**Work order:**
Output all entries below exactly as they are given.

**Records shown:**
Lemma ln_max1_le (R : realType) (b F : R) : 0 <= b -> 0 <= F ->
  b * ln (Num.max 1 F) <= F / 2 + (1 / 2 + (b + 1) * ln (2 * (b + 1))).
Proof.
move=> b0 F0; set G := Num.max 1 F; set c := b + 1.
have G1 : 1 <= G by rewrite le_max lexx.
have G0 : 0 < G by apply: lt_le_trans G1.
have GF : G <= 1 + F by rewrite ge_max lerDl F0 /= -subr_ge0 addrK.
have c0 : 0 < c by rewrite /c; lra.
have lnG : ln G = ln (G / (2 * c)) + ln (2 * c).
  rewrite -lnM ?posrE ?divr_gt0 ?mulr_gt0 //.
  by rewrite mulrAC -mulrA divff ?mulr1 // gt_eqF ?mulr_gt0.
have lnGc : c * ln (G / (2 * c)) <= G / 2.
  have -> : G / 2 = c * (G / (2 * c)) by field; rewrite gt_eqF.
  by rewrite ler_pM2l // ltW // ln_sublinear // divr_gt0 ?mulr_gt0.
have : b * ln G <= c * ln G by rewrite ler_wpM2r ?ln_ge0 // /c lerDl.
rewrite lnG; lra.
Qed.

Section ModerateGrowth.
Variables (R : realType) (N n : nat) (X : 'I_N -> 'M[R]_n).
Hypothesis pdX : forall j, posdef (X j).
Implicit Types f g : (gtcoord N n -> R) -> R.

Definition moderate f := exists a b : R, 0 <= b /\
  forall w, inT w -> 0 <= f w <= expR (a + b * ln (energy1 X w)).

Lemma moderate_decay f : moderate f -> exists c : R, forall w, inT w ->
  f w * expR (- energy X w) <= expR (c - energy X w / 2).
Proof.
move=> [a [b [b0 fb]]]; exists (a + (1 / 2 + (b + 1) * ln (2 * (b + 1)))).
move=> w Hw; have /andP[f0 fle] := fb w Hw.
apply: le_trans (ler_wpM2r (expR_ge0 _) fle) _; rewrite -expRD ler_expR.
have := ln_max1_le b0 (energy_ge0 pdX Hw); rewrite -/(energy1 X w); lra.
Qed.

Lemma moderate1 : moderate (fun=> 1).
Proof. by exists 0, 0; split=> // w _; rewrite mul0r addr0 expR0 ler01 lexx. Qed.

Lemma moderateM f g : moderate f -> moderate g -> moderate (fun w => f w * g w).
Proof.
move=> [a1 [b1 [b10 fb]]] [a2 [b2 [b20 gb]]].
exists (a1 + a2), (b1 + b2); split=> [|w Hw]; first exact: addr_ge0.
have /andP[f0 fle] := fb w Hw; have /andP[g0 gle] := gb w Hw.
rewrite mulr_ge0 //= (le_trans (ler_pM f0 g0 fle gle)) // -expRD ler_expR.
by rewrite mulrDl; lra.
Qed.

**Task solution:**
Lemma ln_max1_le (R : realType) (b F : R) : 0 <= b -> 0 <= F ->
  b * ln (Num.max 1 F) <= F / 2 + (1 / 2 + (b + 1) * ln (2 * (b + 1))).
Proof.
move=> b0 F0; set G := Num.max 1 F; set c := b + 1.
have G1 : 1 <= G by rewrite le_max lexx.
have G0 : 0 < G by apply: lt_le_trans G1.
have GF : G <= 1 + F by rewrite ge_max lerDl F0 /= -subr_ge0 addrK.
have c0 : 0 < c by rewrite /c; lra.
have lnG : ln G = ln (G / (2 * c)) + ln (2 * c).
  rewrite -lnM ?posrE ?divr_gt0 ?mulr_gt0 //.
  by rewrite mulrAC -mulrA divff ?mulr1 // gt_eqF ?mulr_gt0.
have lnGc : c * ln (G / (2 * c)) <= G / 2.
  have -> : G / 2 = c * (G / (2 * c)) by field; rewrite gt_eqF.
  by rewrite ler_pM2l // ltW // ln_sublinear // divr_gt0 ?mulr_gt0.
have : b * ln G <= c * ln G by rewrite ler_wpM2r ?ln_ge0 // /c lerDl.
rewrite lnG; lra.
Qed.

Section ModerateGrowth.
Variables (R : realType) (N n : nat) (X : 'I_N -> 'M[R]_n).
Hypothesis pdX : forall j, posdef (X j).
Implicit Types f g : (gtcoord N n -> R) -> R.

Definition moderate f := exists a b : R, 0 <= b /\
  forall w, inT w -> 0 <= f w <= expR (a + b * ln (energy1 X w)).

Lemma moderate_decay f : moderate f -> exists c : R, forall w, inT w ->
  f w * expR (- energy X w) <= expR (c - energy X w / 2).
Proof.
move=> [a [b [b0 fb]]]; exists (a + (1 / 2 + (b + 1) * ln (2 * (b + 1)))).
move=> w Hw; have /andP[f0 fle] := fb w Hw.
apply: le_trans (ler_wpM2r (expR_ge0 _) fle) _; rewrite -expRD ler_expR.
have := ln_max1_le b0 (energy_ge0 pdX Hw); rewrite -/(energy1 X w); lra.
Qed.

Lemma moderate1 : moderate (fun=> 1).
Proof. by exists 0, 0; split=> // w _; rewrite mul0r addr0 expR0 ler01 lexx. Qed.

Lemma moderateM f g : moderate f -> moderate g -> moderate (fun w => f w * g w).
Proof.
move=> [a1 [b1 [b10 fb]]] [a2 [b2 [b20 gb]]].
exists (a1 + a2), (b1 + b2); split=> [|w Hw]; first exact: addr_ge0.
have /andP[f0 fle] := fb w Hw; have /andP[g0 gle] := gb w Hw.
rewrite mulr_ge0 //= (le_trans (ler_pM f0 g0 fle gle)) // -expRD ler_expR.
by rewrite mulrDl; lra.
Qed.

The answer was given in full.